Lemma gauss_division a b : gaussint a -> gaussint b -> b != 0 ->
  exists2 q, gaussint q & (gnorm (a - b * q)%R < gnorm b)%N.
Proof.
move=> ha hb b0; set w := a / b.
have [m1 near1] := real_round (Creal_Re w).
have [m2 near2] := real_round (Creal_Im w).
have m1R : (m1%:~R : algC) \is Num.real by rewrite Rreal_int ?intr_int.
have m2R : (m2%:~R : algC) \is Num.real by rewrite Rreal_int ?intr_int.
pose q : algC := m1%:~R + 'i * m2%:~R.
have hq : gaussint q by apply: gaussint_rect.
exists q => //; rewrite -(ltr_nat algC) !gnormE ?gaussintB ?gaussintM //.
have -> : a - b * q = b * (w - q) by rewrite /w mulrBr mulrCA mulfV // mulr1.
rewrite normrM exprMn gtr_pMr ?exprn_gt0 ?normr_gt0 // normC2_Re_Im.
rewrite !raddfB /= Re_rect ?Im_rect //.
have sqr_half (u : algC) : u \is Num.real -> `|u| <= 2^-1 -> u ^+ 2 <= 2^-1 ^+ 2.
  by move=> uR hu; rewrite -real_normK // !expr2 ler_pM ?normr_ge0.
apply: (le_lt_trans (lerD (sqr_half _ _ near1) (sqr_half _ _ near2))); rewrite ?rpredB //.
rewrite -subr_gt0 (_ : 1 - _ = 2^-1); first by rewrite invr_gt0 ltr0n.
by field.
Qed.

Lemma gauss_bezout a p : gaussint a -> gaussint p -> p != 0 ->
  exists g u v, [/\ gaussint u, gaussint v, g = u * a + v * p, g != 0 & gdvd g a /\ gdvd g p].
Proof.
move=> ha hp p0.
suff: forall n u v, gaussint u -> gaussint v -> u * a + v * p != 0 ->
    (gnorm (u * a + v * p)%R < n)%N -> exists g u v,
    [/\ gaussint u, gaussint v, g = u * a + v * p, g != 0 & gdvd g a /\ gdvd g p].
  by move/(_ (gnorm p).+1 0 1); rewrite mul0r mul1r add0r; apply.
(* Descent on the norm: a nonzero remainder of a or p by g is a smaller combination. *)
elim=> // n IH u v hu hv g0 ltn; set g := u * a + v * p in g0 ltn *.
have hg : gaussint g by rewrite /g; gaussint_closed.
have [q1 hq1 lt1] := gauss_division ha hg g0.
have [q2 hq2 lt2] := gauss_division hp hg g0.
have [r10|r1n0] := eqVneq (a - g * q1) 0; last first.
  apply: (IH (1 - u * q1) (- v * q1)); try by gaussint_closed.
    by rewrite (_ : _ + _ = a - g * q1) // /g; ring.
  by rewrite (_ : _ + _ = a - g * q1); [apply: leq_trans lt1 _ | rewrite /g; ring].
have [r20|r2n0] := eqVneq (p - g * q2) 0; last first.
  apply: (IH (- u * q2) (1 - v * q2)); try by gaussint_closed.
    by rewrite (_ : _ + _ = p - g * q2) // /g; ring.
  by rewrite (_ : _ + _ = p - g * q2); [apply: leq_trans lt2 _ | rewrite /g; ring].
exists g, u, v; split=> //; split.
  by exists q1 => //; apply/eqP; rewrite -subr_eq0 r10.
by exists q2 => //; apply/eqP; rewrite -subr_eq0 r20.
Qed.

Definition gprime p := [/\ gaussint p, (1 < gnorm p)%N &
  forall d, gaussint d -> gdvd d p -> gnorm d = 1%N \/ gnorm d = gnorm p].

Lemma gprime_gaussint p : gprime p -> gaussint p.
Proof. by case. Qed.

Lemma gprime_gt1 p : gprime p -> (1 < gnorm p)%N.
Proof. by case. Qed.

Lemma gprime_neq0 p : gprime p -> p != 0.
Proof. by case=> hp p1 _; rewrite -gnorm_eq0 // -lt0n ltnW. Qed.

Lemma gprime_ndvd_gunit p u : gprime p -> gunit u -> ~ gdvd p u.
Proof.
move=> [hp p1 _] uU /(gdvd_gnorm hp); rewrite (gunit_gnorm uU) dvdn1 => /eqP p_1.
by rewrite p_1 in p1.
Qed.

Lemma gdvd_gnorm_eq g p : gaussint g -> gdvd g p -> gnorm g = gnorm p -> p != 0 -> gdvd p g.
Proof.
move=> hg [t ht ep] en p0.
have g0 : gnorm g != 0%N by rewrite en gnorm_eq0 // ep gaussintM.
have t1 : gnorm t = 1%N.
  move: en; rewrite ep gnormM // => /eqP; rewrite -{1}[gnorm g]muln1 eqn_mul2l.
  by rewrite (negPf g0) => /eqP.
have [_ [t' ht' tt']] := gnorm1_gunit ht t1.
by exists t' => //; rewrite ep -mulrA -tt' mulr1.
Qed.

Lemma gprime_dvd_exists x : gaussint x -> (1 < gnorm x)%N -> exists2 p, gprime p & gdvd p x.
Proof.
have [n] := ubnP (gnorm x); elim: n x => // n IH x ltxn hx x1.
have [xP|xNP] := classic (gprime x); first by exists x; last exact: gdvdd.
have [d [hd dDx /not_or_and[d_n1 d_nx]]] : exists d,
    [/\ gaussint d, gdvd d x & ~ (gnorm d = 1%N \/ gnorm d = gnorm x)].
  apply: NNPP => nd; apply: xNP; split=> // d hd dDx.
  by apply: NNPP => h; apply: nd; exists d.
have x0 : x != 0 by rewrite -gnorm_eq0 // -lt0n ltnW.
have d_le := gdvd_gnorm_le hd dDx x0.
have d0 : gnorm d != 0%N.
  rewrite gnorm_eq0 //; apply: contra_neq x0 => d0.
  by move: dDx; rewrite d0 => -[q _ ->]; rewrite mul0r.
have [p pP pDd] : exists2 p, gprime p & gdvd p d by apply: IH => //; lia.
by exists p => //; apply: gdvd_trans pDd dDx.
Qed.

Lemma gprime_euclid p a b : gprime p -> gaussint a -> gaussint b ->
  gdvd p (a * b) -> gdvd p a \/ gdvd p b.
Proof.
move=> pP ha hb pDab; have [hp _ pD] := pP; have p0 := gprime_neq0 pP.
have [g [u [v [hu hv eg g0 [gDa gDp]]]]] := gauss_bezout ha hp p0.
have hg : gaussint g by rewrite eg; gaussint_closed.
have [g1|gp] := pD g hg gDp; last by left; apply: gdvd_trans gDa; apply: gdvd_gnorm_eq.
right; have [_ [h hh gh]] := gnorm1_gunit hg g1.
have -> : b = h * (u * (a * b) + p * (v * b)).
  by transitivity (g * h * b); [rewrite -gh mul1r | rewrite eg; ring].
apply: gdvd_mull; first by gaussint_closed.
apply: gdvdD; first exact: gdvd_mull.
by apply: gdvd_mulr; [gaussint_closed | exact: gdvdd].
Qed.

Lemma gprime_dvdX p c n : gprime p -> gaussint c -> gdvd p (c ^+ n) -> gdvd p c.
Proof.
move=> pP hc; elim: n => [|n IH]; first by move/(gprime_ndvd_gunit pP gunit1).
by rewrite exprS => /(gprime_euclid pP hc (gaussintX n hc)) [|/IH].
Qed.

Lemma gprime_dvd_gunit_mul p u x : gprime p -> gunit u -> gaussint x ->
  gdvd p (u * x) -> gdvd p x.
Proof.
move=> pP uU hx /(gprime_euclid pP (gunit_gaussint uU) hx) [pDu|//].
by case: (gprime_ndvd_gunit pP uU pDu).
Qed.

Definition lam : algC := 1 + 'i.

Lemma gaussint_lam : gaussint lam. Proof. exact: gaussintD. Qed.
#[local] Hint Resolve gaussint_lam : core.

Lemma gnorm_lam : gnorm lam = 2%N.
Proof.
have -> : lam = (1 : int)%:~R + 'i * (1 : int)%:~R by rewrite /lam !rmorph1 mulr1.
by rewrite gnorm_rect.
Qed.

Lemma lam_neq0 : lam != 0.
Proof. by rewrite -gnorm_eq0 // gnorm_lam. Qed.

Lemma gprime_lam : gprime lam.
Proof.
split=> //; first by rewrite gnorm_lam.
move=> d hd /(gdvd_gnorm hd); rewrite gnorm_lam => dD2.
have : (gnorm d <= 2)%N by apply: dvdn_leq.
have : gnorm d != 0%N by apply: contraTneq dD2 => ->.
by lia.
Qed.

Definition gcoprime a b := forall d, gaussint d -> gdvd d a -> gdvd d b -> gunit d.

Lemma gcoprime_sym a b : gcoprime a b -> gcoprime b a.
Proof. by move=> ab d hd da db; apply: ab. Qed.

Lemma gcoprime_dvdl a a' b : gdvd a' a -> gcoprime a b -> gcoprime a' b.
Proof. by move=> a'Da ab d hd da' db; apply: ab => //; apply: gdvd_trans a'Da. Qed.

Lemma gcoprime_dvdr a b b' : gdvd b' b -> gcoprime a b -> gcoprime a b'.
Proof. by move=> b'Db ab d hd da db'; apply: ab => //; apply: gdvd_trans b'Db. Qed.

Lemma gcoprime_gprimeN a b p : gcoprime a b -> gprime p -> gdvd p a -> gdvd p b -> False.
Proof.
move=> ab pP pa pb; apply: (gprime_ndvd_gunit pP (ab p (gprime_gaussint pP) pa pb)).
exact: gdvdd.
Qed.

Lemma gcoprime_gprime a b :
  (forall p, gprime p -> gdvd p a -> gdvd p b -> False) -> gcoprime a b.
Proof.
move=> noP d hd dDa dDb.
have [d0|d0] := eqVneq d 0.
  have dvd0_eq0 (x : algC) : gdvd 0 x -> x = 0 by case=> q _ ->; rewrite mul0r.
  move: dDa dDb; rewrite d0 => /dvd0_eq0 a0 /dvd0_eq0 b0; rewrite a0 b0 in noP.
  by case: (noP lam gprime_lam (gdvd0 _) (gdvd0 _)).
have [d1|d1] := eqVneq (gnorm d) 1%N; first exact: gnorm1_gunit.
have [p pP pDd] : exists2 p, gprime p & gdvd p d.
  by apply: gprime_dvd_exists => //; move: d1; rewrite -gnorm_eq0 // in d0; lia.
by case: (noP p pP (gdvd_trans pDd dDa) (gdvd_trans pDd dDb)).
Qed.

Lemma not_gcoprime a b : ~ gcoprime a b -> exists2 p, gprime p & gdvd p a /\ gdvd p b.
Proof.
move=> nab; apply: NNPP => noP; apply: nab; apply: gcoprime_gprime => p pP pa pb.
by apply: noP; exists p.
Qed.

Lemma gcoprime_mul_sq_l a b c e : gaussint a -> gaussint b -> gaussint c -> gunit e ->
  a * b = e * c ^+ 2 -> gcoprime a b -> c != 0 ->
  exists al a', [/\ gunit al, gaussint a', a = al * a' ^+ 2 & gdvd a' c].
Proof.
move=> + hb + eU; have [n] := ubnP (gnorm c).
elim: n a c => // n IH a c ltcn ha hc eab cab c0.
have [a1|a1] := eqVneq (gnorm a) 1%N.
  by exists a, 1; split; rewrite ?expr1n ?mulr1 //; [apply: gnorm1_gunit | apply: gdvd1].
have : e * c ^+ 2 != 0 by apply: mulf_neq0; [apply: gunit_neq0 | apply: expf_neq0].
rewrite -eab mulf_eq0 negb_or => /andP[a0 _].
have [p pP pDa] : exists2 p, gprime p & gdvd p a.
  by apply: gprime_dvd_exists => //; move: a1; rewrite -gnorm_eq0 // in a0; lia.
have hp := gprime_gaussint pP; have p0 := gprime_neq0 pP.
have [c1 hc1 ec] : gdvd p c.
  apply: (gprime_dvdX (n := 2) pP hc).
  apply: (gprime_dvd_gunit_mul pP eU); first by gaussint_closed.
  by rewrite -eab; apply: gdvd_mulr.
have [a1' ha1 ea] := pDa.
(* p divides c^2 but not b, so p^2 divides a. *)
have [a2 ha2 ea1] : gdvd p a1'.
  have pDa1b : gdvd p (a1' * b).
    exists (e * c1 ^+ 2); first by have he := gunit_gaussint eU; gaussint_closed.
    apply: (mulfI p0); transitivity (a * b); first by rewrite ea; ring.
    by rewrite eab ec; ring.
  have [//|pDb] := gprime_euclid pP ha1 hb pDa1b.
  by case: (gcoprime_gprimeN cab pP pDa pDb).
have e2 : a2 * b = e * c1 ^+ 2.
  apply: (mulfI (mulf_neq0 p0 p0)); transitivity (a * b); first by rewrite ea ea1; ring.
  by rewrite eab ec; ring.
have c10 : c1 != 0 by apply: contra_neq c0 => c10; rewrite ec c10 mulr0.
have ltc1n : (gnorm c1 < n)%N.
  move: ltcn; rewrite ec gnormM //.
  have := gprime_gt1 pP; have : gnorm c1 != 0%N by rewrite gnorm_eq0.
  by nia.
have a2Da : gdvd a2 a by exists (p * p); [gaussint_closed | rewrite ea ea1; ring].
have [al [a' [alU ha' ea2 a'Dc1]]] := IH a2 c1 ltc1n ha2 hc1 e2 (gcoprime_dvdl a2Da cab) c10.
exists al, (p * a'); split=> //; first by gaussint_closed.
  by rewrite ea ea1 ea2; ring.
by rewrite ec; apply: gdvd_mul => //; apply: gdvdd.
Qed.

***

▶ [Exercise directions]:
Check every line of the data and give the number of them that hold the string "False", with no other words.

▶ [Written response]:
2